(Saved entries)

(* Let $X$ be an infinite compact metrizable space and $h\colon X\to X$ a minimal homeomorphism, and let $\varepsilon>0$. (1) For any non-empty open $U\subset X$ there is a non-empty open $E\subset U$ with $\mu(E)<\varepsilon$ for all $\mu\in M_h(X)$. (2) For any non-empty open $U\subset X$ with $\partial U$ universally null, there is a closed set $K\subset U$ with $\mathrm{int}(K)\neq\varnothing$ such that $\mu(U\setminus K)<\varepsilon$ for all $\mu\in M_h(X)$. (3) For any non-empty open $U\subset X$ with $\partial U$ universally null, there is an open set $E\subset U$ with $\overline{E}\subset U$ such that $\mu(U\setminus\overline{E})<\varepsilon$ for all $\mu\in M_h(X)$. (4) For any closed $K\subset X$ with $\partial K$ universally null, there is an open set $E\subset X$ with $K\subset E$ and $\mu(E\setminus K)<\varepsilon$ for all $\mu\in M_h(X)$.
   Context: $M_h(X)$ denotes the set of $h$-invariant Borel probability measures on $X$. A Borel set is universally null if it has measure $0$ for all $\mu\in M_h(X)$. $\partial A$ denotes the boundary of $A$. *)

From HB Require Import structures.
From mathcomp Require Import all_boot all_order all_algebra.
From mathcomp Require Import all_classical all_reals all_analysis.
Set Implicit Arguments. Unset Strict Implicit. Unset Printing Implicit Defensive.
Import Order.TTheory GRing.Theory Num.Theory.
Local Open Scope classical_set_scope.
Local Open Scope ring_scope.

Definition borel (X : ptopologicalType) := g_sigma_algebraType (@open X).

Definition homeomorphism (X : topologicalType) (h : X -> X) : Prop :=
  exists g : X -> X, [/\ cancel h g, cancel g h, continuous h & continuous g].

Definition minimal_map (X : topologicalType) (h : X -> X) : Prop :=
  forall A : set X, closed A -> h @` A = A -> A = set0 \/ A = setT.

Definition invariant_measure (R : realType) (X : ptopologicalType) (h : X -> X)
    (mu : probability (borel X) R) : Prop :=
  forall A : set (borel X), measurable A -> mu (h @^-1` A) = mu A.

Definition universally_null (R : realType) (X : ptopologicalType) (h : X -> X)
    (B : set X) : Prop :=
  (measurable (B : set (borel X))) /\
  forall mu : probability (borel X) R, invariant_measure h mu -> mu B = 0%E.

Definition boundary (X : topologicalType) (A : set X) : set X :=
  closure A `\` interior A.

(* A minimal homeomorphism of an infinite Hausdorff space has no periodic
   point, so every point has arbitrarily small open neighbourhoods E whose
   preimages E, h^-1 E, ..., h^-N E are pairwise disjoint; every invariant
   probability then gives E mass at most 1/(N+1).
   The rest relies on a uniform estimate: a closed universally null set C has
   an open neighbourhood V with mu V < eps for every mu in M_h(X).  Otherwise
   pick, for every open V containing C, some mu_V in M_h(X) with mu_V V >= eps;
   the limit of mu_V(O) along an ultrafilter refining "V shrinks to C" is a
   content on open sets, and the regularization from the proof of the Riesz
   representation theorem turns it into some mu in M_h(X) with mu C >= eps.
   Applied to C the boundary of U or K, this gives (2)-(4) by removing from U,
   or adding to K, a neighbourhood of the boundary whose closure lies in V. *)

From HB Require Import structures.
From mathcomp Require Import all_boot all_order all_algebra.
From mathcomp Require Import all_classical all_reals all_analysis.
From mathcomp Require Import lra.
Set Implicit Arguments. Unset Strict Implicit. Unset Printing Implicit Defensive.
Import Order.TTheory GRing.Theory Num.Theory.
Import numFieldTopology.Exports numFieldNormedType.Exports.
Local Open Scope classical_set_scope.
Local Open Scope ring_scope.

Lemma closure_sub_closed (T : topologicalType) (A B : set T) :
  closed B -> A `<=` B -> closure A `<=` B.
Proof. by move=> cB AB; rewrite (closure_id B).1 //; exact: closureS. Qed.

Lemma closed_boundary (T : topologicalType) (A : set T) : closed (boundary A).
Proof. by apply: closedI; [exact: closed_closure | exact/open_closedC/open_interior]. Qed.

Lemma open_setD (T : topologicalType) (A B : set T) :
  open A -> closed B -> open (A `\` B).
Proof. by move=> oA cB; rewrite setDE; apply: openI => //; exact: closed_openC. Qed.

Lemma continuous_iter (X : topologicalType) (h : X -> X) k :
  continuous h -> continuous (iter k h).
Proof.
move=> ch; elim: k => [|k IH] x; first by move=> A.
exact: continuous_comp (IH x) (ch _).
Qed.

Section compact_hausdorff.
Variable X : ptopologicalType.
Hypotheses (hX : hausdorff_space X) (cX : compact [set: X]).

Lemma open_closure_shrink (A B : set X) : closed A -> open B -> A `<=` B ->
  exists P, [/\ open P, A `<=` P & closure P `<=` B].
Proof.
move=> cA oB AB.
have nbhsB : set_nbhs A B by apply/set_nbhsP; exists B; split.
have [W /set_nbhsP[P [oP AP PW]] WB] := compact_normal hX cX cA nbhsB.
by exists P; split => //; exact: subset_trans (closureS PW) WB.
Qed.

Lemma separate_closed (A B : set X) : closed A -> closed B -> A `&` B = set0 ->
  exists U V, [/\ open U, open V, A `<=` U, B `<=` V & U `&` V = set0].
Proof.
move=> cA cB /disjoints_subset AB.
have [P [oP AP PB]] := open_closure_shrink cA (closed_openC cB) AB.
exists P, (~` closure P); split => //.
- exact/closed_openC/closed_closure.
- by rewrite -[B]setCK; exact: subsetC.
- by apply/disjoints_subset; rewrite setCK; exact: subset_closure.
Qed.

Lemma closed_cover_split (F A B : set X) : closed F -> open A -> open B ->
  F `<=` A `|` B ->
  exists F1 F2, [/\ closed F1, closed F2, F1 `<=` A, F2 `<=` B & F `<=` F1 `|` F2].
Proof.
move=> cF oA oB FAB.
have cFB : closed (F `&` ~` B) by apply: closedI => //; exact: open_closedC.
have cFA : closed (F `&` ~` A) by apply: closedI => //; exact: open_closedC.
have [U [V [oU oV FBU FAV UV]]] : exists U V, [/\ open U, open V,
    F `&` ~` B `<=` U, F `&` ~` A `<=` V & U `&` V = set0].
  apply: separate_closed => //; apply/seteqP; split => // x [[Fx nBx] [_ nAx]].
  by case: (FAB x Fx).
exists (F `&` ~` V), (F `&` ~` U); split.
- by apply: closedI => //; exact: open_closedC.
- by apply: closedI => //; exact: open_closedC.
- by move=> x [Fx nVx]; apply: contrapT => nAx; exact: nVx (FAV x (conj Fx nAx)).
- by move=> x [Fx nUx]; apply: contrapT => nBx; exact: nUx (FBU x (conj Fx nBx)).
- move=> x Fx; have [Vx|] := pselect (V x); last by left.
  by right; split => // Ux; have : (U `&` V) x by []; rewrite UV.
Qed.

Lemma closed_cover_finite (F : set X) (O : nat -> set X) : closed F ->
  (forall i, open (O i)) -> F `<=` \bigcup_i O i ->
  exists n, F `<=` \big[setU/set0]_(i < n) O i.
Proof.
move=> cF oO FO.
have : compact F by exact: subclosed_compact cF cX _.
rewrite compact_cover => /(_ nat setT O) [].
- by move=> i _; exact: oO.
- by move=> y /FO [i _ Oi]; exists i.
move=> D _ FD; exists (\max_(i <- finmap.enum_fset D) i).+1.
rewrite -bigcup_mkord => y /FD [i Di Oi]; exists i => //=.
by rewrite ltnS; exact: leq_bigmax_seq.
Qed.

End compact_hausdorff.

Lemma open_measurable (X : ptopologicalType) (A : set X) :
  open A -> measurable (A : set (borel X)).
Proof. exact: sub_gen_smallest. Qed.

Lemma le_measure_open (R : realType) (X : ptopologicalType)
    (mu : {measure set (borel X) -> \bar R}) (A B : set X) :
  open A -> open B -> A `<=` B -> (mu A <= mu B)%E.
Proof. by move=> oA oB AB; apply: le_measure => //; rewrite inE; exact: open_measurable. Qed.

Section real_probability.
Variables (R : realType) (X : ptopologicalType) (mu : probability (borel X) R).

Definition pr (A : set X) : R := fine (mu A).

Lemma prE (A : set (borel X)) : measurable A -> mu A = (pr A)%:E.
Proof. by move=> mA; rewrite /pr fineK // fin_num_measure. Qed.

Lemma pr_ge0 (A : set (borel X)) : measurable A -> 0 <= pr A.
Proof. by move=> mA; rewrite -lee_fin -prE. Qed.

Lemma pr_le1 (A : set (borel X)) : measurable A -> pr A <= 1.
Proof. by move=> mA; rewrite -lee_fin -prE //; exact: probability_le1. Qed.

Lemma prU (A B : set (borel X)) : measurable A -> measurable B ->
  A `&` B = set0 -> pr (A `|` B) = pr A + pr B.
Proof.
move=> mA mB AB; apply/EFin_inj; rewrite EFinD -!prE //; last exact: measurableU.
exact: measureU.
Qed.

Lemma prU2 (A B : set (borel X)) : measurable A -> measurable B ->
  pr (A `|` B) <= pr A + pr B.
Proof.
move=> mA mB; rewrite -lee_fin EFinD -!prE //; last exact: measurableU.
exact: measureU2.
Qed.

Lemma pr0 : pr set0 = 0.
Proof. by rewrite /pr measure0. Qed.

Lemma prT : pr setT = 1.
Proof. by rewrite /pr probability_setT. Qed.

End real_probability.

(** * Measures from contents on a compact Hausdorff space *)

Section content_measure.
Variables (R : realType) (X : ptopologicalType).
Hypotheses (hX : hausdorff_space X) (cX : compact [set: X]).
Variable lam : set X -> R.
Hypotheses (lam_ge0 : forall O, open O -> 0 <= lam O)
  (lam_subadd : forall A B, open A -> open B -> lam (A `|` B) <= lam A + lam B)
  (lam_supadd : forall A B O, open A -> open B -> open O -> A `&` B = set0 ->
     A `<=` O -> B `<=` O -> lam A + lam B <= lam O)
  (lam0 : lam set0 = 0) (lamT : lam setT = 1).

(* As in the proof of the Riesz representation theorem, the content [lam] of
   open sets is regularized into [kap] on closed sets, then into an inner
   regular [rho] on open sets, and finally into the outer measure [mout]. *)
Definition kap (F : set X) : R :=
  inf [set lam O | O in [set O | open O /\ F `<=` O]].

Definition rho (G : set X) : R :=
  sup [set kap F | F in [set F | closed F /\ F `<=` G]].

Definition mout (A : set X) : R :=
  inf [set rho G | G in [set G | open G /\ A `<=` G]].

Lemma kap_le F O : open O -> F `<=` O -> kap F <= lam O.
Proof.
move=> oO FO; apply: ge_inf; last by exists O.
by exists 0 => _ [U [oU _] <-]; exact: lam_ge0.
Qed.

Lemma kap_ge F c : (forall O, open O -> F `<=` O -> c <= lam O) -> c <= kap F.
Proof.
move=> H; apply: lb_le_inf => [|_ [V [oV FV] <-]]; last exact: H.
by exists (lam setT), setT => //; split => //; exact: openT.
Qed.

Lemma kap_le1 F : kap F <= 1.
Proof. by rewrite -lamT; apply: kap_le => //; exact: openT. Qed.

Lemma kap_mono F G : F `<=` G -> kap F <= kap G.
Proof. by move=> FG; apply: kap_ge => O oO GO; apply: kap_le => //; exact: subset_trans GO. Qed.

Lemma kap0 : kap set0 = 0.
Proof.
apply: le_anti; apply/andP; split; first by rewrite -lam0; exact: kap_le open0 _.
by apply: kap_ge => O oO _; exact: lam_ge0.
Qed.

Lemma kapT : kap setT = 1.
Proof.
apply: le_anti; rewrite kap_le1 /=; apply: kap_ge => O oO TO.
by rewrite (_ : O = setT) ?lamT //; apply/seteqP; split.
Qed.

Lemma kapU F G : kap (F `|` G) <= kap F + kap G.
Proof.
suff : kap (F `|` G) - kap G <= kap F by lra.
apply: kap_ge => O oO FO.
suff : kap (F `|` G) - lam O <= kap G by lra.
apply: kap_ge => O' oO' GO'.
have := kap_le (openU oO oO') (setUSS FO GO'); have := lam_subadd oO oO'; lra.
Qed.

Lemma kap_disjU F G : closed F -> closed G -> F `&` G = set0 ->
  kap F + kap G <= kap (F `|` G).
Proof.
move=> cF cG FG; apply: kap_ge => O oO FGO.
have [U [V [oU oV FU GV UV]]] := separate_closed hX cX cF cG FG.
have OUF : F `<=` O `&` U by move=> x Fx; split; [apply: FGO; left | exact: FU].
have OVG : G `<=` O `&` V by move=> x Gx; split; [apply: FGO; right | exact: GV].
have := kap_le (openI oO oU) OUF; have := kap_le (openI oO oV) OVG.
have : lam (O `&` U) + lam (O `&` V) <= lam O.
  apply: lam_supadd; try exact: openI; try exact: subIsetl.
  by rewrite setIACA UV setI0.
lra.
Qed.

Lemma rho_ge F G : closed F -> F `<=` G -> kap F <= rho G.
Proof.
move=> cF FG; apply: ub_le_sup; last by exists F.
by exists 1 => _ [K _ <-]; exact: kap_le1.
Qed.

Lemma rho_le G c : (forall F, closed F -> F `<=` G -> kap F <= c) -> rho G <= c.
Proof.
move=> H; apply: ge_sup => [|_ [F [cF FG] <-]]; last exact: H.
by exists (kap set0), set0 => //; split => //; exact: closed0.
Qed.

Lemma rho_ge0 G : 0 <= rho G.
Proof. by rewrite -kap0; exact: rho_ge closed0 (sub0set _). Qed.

What to work on: Copy out, from the data above, every line holding the word "representation".

Result of this task:
   representation theorem turns it into some mu in M_h(X) with mu C >= eps.
(* As in the proof of the Riesz representation theorem, the content [lam] of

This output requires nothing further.